- [Exercise details]:
Reproduce, exactly and in full, only the lines below from the one containing "have TsC T : T" through the one containing "have := congr1".
# # # # #
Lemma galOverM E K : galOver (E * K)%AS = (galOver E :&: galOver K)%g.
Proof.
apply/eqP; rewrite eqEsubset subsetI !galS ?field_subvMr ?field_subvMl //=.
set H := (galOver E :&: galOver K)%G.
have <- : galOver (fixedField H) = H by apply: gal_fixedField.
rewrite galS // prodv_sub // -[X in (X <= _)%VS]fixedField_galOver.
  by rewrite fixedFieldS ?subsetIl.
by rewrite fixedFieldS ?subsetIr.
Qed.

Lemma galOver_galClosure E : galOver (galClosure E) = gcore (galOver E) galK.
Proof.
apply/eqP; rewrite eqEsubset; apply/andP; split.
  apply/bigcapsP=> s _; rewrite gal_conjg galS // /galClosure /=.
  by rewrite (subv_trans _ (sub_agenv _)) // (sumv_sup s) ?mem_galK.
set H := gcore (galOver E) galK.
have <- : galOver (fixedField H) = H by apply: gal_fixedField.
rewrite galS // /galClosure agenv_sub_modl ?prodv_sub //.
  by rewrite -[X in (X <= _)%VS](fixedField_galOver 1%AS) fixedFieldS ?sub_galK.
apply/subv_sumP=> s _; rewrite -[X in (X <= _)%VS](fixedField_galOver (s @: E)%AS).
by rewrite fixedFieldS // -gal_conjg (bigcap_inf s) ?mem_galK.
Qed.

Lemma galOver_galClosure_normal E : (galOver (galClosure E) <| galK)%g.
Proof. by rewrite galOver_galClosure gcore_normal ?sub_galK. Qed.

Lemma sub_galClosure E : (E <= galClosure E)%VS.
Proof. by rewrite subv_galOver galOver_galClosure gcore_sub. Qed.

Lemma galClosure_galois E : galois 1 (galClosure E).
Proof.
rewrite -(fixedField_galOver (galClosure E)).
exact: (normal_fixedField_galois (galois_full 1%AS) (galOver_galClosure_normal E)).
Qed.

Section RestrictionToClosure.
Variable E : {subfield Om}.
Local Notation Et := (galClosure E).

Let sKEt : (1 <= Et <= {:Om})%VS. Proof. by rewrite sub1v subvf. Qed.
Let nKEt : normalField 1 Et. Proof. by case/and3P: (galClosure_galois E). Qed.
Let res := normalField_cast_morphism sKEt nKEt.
# # # # #
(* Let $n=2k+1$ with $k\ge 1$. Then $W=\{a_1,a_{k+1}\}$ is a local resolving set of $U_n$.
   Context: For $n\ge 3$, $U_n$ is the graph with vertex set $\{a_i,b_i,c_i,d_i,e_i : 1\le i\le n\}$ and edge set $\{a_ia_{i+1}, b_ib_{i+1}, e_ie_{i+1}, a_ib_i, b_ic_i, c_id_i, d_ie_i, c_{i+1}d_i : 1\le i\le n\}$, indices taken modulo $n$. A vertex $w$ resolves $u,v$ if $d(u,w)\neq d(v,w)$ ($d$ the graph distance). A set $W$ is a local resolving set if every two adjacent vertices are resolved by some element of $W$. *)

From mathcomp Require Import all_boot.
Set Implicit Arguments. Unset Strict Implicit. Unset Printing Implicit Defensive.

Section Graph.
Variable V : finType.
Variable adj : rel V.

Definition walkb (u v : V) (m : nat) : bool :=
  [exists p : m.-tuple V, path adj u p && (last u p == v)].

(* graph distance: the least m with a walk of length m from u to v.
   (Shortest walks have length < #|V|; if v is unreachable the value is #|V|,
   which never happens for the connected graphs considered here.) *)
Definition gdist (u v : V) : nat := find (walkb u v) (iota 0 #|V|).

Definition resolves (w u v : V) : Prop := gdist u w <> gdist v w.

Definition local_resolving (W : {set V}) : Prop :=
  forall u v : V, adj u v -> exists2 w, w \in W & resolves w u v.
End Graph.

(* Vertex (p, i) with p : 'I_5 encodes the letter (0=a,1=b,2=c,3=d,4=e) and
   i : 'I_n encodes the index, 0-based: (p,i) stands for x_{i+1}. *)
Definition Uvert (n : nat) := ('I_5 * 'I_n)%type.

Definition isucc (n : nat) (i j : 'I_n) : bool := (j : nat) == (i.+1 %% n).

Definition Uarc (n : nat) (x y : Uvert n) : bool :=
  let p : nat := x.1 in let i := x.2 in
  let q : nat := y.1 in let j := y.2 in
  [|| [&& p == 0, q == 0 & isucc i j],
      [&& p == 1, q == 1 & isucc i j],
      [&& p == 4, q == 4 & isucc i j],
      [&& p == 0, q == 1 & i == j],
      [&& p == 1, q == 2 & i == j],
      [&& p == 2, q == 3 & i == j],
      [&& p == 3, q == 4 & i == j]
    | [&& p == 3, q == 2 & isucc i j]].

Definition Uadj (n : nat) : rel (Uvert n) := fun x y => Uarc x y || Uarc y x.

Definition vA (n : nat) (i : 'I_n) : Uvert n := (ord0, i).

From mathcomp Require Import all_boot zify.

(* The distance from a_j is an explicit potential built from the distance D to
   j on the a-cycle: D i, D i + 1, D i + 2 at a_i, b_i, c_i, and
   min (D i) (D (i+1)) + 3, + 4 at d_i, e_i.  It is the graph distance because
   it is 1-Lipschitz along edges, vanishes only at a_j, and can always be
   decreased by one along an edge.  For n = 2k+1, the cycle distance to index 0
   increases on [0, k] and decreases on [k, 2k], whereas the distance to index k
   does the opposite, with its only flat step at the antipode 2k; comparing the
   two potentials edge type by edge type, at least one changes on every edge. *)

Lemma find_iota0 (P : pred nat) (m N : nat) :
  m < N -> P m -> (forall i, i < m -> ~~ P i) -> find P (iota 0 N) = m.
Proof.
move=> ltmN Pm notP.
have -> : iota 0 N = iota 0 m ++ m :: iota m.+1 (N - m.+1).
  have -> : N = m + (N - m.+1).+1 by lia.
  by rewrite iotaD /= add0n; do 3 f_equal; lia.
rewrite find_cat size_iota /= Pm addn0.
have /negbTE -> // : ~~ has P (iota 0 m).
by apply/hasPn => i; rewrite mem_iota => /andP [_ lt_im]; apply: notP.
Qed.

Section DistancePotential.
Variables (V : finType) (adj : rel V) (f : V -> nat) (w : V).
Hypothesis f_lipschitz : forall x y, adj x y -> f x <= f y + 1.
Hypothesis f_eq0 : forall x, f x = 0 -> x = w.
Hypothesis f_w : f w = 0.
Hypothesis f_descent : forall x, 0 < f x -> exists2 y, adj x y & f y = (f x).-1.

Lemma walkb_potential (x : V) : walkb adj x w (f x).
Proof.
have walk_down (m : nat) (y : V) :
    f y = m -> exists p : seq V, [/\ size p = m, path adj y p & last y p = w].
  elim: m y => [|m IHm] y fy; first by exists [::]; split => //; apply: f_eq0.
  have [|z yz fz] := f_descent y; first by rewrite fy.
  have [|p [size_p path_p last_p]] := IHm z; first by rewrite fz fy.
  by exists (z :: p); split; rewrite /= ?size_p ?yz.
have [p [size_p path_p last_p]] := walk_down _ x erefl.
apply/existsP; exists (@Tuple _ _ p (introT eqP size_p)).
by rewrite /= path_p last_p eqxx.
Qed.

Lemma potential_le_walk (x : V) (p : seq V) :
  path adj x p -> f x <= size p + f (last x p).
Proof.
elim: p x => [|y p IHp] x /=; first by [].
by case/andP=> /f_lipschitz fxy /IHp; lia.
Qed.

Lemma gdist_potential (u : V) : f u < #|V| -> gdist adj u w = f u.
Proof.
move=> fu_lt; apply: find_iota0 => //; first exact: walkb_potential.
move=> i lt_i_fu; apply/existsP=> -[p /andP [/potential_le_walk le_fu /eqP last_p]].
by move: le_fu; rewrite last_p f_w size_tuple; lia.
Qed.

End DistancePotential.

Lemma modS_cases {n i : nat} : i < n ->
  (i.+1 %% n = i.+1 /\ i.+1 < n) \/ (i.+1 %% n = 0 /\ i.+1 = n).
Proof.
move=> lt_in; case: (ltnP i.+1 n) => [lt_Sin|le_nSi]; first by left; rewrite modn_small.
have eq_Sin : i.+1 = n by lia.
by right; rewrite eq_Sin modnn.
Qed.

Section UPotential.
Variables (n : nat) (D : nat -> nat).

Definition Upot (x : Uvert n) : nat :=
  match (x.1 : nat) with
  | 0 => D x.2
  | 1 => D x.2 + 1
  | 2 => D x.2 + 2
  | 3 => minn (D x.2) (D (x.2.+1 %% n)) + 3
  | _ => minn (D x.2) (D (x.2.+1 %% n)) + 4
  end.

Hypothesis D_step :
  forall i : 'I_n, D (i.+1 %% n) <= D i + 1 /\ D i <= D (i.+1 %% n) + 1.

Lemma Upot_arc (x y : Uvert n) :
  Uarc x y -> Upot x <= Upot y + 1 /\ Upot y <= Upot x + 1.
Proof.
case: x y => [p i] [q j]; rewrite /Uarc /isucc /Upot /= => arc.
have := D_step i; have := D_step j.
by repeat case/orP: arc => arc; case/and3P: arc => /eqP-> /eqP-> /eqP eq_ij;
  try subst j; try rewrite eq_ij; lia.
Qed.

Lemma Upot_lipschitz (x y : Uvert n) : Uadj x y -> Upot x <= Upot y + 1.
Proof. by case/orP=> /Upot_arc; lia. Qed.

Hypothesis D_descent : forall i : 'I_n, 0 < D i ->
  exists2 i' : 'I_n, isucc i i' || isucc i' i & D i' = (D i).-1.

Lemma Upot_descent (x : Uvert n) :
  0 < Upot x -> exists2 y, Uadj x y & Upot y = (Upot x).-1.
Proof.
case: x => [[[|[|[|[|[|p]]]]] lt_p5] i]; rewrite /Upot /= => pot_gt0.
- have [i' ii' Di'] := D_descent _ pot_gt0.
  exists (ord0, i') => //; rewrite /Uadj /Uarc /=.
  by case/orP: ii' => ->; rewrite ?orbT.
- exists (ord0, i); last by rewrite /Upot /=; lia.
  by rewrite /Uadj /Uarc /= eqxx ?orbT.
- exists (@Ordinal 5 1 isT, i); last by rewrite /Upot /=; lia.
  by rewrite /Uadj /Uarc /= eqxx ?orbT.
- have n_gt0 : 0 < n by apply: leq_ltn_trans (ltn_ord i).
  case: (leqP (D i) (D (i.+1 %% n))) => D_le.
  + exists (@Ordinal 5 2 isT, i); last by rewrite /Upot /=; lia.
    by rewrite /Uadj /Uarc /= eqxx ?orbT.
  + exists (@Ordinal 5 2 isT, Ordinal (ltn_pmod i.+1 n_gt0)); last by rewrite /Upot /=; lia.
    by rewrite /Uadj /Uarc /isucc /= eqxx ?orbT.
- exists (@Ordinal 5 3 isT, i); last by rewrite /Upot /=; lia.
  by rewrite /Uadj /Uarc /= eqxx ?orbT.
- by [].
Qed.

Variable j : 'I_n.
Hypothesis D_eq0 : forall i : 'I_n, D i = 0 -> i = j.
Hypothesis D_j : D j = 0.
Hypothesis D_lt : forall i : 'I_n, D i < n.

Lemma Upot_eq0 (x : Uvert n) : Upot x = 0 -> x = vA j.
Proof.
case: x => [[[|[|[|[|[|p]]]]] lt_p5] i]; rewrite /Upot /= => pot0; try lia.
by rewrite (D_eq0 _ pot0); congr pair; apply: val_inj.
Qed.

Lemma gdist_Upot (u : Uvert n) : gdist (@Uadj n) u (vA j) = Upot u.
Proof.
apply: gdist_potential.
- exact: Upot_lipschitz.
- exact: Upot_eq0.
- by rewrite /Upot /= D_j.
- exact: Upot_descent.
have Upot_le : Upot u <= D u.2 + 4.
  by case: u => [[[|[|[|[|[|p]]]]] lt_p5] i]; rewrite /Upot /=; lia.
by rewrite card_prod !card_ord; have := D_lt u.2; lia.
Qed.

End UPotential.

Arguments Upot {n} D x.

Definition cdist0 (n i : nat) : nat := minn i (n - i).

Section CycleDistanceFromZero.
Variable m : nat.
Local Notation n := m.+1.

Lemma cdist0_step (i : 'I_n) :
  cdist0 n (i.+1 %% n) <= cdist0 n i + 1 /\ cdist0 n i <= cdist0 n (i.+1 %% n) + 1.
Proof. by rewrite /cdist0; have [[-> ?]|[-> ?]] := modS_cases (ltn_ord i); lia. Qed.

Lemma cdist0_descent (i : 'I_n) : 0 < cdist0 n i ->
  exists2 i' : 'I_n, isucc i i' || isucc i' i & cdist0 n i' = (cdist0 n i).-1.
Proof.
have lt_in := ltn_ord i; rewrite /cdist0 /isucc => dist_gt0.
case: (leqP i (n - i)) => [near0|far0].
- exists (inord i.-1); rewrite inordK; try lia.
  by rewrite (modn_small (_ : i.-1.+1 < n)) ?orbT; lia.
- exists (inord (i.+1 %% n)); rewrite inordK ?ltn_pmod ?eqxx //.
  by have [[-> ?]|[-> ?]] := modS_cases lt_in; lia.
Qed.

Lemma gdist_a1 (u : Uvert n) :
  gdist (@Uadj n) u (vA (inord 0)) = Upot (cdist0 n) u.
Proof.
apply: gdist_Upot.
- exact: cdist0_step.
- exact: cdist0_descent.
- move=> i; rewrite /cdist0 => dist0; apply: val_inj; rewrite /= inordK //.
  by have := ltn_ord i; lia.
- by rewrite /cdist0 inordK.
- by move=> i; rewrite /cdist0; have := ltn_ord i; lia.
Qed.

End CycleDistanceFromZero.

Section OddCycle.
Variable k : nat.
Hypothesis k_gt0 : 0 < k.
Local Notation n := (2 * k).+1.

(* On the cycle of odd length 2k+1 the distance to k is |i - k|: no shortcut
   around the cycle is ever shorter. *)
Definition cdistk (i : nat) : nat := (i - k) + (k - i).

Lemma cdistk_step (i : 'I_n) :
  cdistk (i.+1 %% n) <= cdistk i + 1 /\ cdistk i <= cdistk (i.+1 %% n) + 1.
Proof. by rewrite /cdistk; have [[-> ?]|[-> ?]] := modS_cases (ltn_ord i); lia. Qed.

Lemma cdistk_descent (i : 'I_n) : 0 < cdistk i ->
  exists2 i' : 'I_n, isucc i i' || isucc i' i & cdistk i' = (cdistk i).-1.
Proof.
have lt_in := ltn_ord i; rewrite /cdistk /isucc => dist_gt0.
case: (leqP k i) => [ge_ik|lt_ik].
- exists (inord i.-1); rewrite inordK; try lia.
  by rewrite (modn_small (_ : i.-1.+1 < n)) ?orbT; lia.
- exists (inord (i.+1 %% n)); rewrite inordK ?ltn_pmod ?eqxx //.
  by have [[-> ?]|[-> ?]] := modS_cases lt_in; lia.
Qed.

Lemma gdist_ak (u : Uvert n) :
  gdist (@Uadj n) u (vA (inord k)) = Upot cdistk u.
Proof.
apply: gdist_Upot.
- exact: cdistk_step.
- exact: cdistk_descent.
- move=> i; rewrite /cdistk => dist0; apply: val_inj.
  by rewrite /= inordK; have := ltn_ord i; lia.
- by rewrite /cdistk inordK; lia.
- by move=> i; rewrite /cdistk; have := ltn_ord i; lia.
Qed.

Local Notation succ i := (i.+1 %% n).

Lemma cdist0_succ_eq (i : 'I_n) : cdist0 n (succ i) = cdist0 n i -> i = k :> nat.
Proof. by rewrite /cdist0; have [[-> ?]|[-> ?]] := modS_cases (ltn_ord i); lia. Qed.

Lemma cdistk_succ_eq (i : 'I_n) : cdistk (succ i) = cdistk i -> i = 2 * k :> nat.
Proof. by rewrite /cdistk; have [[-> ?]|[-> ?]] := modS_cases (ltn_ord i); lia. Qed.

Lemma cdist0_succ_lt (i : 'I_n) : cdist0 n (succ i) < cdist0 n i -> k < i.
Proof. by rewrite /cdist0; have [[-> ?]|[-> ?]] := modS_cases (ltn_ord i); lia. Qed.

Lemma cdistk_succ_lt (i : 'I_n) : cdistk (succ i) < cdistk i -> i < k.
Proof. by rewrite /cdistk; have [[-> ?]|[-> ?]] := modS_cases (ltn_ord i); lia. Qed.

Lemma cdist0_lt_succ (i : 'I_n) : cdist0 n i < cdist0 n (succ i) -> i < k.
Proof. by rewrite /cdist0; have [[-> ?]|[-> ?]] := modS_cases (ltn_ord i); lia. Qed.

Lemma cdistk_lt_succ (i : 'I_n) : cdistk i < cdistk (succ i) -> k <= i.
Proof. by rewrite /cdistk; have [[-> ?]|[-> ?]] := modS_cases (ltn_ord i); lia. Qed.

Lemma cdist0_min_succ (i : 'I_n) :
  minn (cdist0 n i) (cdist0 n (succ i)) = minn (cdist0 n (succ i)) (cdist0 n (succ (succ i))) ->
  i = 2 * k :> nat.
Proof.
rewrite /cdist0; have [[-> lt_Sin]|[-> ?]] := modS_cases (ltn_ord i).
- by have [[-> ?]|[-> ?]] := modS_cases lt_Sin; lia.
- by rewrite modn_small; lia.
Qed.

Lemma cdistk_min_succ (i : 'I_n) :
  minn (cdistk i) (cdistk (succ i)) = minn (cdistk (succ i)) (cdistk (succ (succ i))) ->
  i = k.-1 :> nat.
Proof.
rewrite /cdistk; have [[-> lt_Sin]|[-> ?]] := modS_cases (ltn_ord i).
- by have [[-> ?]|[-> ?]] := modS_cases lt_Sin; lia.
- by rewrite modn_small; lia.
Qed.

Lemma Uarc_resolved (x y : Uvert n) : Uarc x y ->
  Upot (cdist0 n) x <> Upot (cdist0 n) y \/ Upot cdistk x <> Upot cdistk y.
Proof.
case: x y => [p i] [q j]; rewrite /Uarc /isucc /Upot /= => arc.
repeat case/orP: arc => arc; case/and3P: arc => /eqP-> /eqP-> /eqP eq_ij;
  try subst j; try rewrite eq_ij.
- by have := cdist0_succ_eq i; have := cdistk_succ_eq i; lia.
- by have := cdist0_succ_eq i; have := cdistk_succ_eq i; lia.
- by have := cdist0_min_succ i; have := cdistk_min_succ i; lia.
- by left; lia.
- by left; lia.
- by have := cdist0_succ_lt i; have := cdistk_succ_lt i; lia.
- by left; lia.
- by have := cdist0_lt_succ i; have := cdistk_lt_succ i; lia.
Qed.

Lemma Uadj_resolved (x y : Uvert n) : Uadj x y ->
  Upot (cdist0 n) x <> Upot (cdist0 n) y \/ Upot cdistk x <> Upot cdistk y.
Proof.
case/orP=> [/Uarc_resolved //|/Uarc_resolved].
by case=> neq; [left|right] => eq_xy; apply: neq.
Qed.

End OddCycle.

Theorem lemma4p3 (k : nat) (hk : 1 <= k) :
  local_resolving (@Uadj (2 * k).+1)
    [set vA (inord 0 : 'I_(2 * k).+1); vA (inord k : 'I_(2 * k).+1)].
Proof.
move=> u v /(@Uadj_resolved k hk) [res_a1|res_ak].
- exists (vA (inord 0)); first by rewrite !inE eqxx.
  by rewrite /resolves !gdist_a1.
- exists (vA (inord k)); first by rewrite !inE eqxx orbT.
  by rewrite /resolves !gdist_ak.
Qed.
# # # # #
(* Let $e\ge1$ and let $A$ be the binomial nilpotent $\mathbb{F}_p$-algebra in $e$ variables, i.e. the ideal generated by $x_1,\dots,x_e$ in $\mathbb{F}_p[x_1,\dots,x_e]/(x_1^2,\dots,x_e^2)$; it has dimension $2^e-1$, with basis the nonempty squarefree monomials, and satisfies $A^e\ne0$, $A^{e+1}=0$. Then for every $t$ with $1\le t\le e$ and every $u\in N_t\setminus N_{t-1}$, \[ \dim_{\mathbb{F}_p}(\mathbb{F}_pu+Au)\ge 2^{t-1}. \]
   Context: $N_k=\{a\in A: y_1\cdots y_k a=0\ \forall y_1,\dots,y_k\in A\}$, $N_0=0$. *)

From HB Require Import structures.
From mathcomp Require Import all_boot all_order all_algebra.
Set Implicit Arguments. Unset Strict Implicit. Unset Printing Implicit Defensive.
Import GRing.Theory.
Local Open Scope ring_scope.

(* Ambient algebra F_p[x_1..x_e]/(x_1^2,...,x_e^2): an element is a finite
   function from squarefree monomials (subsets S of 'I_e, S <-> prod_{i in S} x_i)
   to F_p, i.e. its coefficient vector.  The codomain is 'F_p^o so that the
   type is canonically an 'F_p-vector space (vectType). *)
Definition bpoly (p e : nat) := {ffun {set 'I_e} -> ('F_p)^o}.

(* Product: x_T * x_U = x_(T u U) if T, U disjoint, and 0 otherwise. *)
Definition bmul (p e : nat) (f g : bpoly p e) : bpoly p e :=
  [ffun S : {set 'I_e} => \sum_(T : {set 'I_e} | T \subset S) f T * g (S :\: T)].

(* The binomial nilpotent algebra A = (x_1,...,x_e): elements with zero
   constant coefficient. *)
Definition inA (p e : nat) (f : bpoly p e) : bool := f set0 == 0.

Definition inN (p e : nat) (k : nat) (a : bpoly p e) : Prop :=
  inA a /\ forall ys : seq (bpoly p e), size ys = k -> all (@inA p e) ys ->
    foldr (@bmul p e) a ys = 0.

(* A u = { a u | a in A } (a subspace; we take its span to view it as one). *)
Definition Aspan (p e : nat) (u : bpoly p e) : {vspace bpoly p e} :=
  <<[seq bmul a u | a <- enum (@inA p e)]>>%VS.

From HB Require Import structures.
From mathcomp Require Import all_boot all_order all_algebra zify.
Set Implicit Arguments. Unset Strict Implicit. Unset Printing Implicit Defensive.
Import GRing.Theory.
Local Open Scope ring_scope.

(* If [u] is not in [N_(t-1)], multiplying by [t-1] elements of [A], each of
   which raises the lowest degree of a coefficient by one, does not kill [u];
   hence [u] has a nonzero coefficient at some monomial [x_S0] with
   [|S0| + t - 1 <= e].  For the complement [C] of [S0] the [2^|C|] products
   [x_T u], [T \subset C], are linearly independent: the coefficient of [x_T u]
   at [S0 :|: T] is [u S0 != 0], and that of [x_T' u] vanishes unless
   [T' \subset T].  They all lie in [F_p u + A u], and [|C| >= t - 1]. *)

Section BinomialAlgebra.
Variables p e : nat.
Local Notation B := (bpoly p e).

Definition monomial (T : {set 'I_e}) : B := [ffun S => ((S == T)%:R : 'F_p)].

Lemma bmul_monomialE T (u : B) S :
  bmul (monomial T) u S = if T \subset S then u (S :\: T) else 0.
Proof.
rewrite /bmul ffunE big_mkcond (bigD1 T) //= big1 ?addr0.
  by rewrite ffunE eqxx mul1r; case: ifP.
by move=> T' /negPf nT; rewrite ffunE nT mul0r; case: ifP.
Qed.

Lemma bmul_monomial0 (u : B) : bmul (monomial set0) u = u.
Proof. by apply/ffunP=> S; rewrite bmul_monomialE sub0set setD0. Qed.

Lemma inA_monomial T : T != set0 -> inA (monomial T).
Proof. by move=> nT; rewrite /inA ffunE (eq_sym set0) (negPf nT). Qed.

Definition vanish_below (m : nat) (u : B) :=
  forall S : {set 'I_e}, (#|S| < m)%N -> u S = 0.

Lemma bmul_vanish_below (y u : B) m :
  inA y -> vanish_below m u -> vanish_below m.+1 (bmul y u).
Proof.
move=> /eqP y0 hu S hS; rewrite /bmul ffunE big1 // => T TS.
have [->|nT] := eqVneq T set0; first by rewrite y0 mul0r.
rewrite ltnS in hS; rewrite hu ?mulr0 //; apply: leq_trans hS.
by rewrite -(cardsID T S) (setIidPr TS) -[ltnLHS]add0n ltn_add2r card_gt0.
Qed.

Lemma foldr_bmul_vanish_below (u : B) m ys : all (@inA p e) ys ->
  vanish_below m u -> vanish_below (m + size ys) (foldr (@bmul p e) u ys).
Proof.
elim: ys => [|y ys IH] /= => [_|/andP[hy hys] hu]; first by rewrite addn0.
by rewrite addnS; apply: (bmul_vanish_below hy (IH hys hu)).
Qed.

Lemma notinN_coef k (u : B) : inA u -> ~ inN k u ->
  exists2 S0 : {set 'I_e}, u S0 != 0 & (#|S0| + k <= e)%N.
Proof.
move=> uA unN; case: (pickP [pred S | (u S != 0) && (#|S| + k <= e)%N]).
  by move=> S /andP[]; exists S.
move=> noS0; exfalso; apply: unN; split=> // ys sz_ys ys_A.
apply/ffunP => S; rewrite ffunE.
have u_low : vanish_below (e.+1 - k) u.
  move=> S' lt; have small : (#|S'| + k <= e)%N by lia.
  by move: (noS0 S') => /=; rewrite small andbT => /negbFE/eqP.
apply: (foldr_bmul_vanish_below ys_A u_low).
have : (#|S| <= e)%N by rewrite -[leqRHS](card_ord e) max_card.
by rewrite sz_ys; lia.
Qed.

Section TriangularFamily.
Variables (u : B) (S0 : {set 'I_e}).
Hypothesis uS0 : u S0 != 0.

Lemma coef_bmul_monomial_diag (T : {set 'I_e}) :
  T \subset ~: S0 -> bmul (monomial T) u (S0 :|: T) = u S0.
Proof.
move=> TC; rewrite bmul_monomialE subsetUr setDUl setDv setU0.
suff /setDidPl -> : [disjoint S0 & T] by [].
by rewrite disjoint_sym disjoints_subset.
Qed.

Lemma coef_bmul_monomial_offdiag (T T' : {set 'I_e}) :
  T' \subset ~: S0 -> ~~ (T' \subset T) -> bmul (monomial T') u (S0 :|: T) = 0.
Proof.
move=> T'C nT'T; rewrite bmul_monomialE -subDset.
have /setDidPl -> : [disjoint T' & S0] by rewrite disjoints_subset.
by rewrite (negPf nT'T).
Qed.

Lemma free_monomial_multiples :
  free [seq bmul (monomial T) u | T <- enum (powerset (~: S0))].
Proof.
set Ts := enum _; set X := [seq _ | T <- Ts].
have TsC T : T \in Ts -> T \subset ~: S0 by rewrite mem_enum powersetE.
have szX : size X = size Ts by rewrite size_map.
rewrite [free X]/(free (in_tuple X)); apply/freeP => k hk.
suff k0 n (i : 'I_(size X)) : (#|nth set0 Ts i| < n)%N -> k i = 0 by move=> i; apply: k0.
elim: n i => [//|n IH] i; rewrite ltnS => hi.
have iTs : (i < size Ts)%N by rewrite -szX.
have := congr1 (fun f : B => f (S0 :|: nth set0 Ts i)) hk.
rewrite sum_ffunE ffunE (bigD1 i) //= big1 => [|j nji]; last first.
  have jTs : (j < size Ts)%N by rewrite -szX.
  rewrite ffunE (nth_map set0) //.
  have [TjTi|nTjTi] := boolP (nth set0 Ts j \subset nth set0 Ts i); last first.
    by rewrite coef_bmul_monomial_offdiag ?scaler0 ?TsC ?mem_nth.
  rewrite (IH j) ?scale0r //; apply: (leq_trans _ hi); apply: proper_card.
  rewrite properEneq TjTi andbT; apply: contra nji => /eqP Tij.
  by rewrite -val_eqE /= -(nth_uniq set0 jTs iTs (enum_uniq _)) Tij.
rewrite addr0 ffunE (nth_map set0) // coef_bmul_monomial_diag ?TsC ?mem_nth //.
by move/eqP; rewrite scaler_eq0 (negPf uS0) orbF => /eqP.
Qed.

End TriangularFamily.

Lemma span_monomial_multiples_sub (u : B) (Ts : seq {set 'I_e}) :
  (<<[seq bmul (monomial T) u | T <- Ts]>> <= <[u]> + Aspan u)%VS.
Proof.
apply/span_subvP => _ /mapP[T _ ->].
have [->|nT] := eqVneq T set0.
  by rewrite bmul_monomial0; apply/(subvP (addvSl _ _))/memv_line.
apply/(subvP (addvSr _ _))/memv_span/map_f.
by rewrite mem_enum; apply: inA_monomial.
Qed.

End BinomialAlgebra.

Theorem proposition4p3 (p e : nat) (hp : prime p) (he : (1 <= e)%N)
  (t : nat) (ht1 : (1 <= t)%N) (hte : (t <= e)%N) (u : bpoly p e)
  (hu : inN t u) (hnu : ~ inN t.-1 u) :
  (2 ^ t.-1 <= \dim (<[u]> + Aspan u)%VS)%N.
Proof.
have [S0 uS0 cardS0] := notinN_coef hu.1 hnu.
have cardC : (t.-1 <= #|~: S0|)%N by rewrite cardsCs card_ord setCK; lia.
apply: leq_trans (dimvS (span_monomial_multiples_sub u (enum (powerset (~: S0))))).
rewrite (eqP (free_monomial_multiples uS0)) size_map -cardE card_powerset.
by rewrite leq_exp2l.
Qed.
# # # # #
- [Written answer]:
have TsC T : T \in Ts -> T \subset ~: S0 by rewrite mem_enum powersetE.
have szX : size X = size Ts by rewrite size_map.
rewrite [free X]/(free (in_tuple X)); apply/freeP => k hk.
suff k0 n (i : 'I_(size X)) : (#|nth set0 Ts i| < n)%N -> k i = 0 by move=> i; apply: k0.
elim: n i => [//|n IH] i; rewrite ltnS => hi.
have iTs : (i < size Ts)%N by rewrite -szX.
have := congr1 (fun f : B => f (S0 :|: nth set0 Ts i)) hk.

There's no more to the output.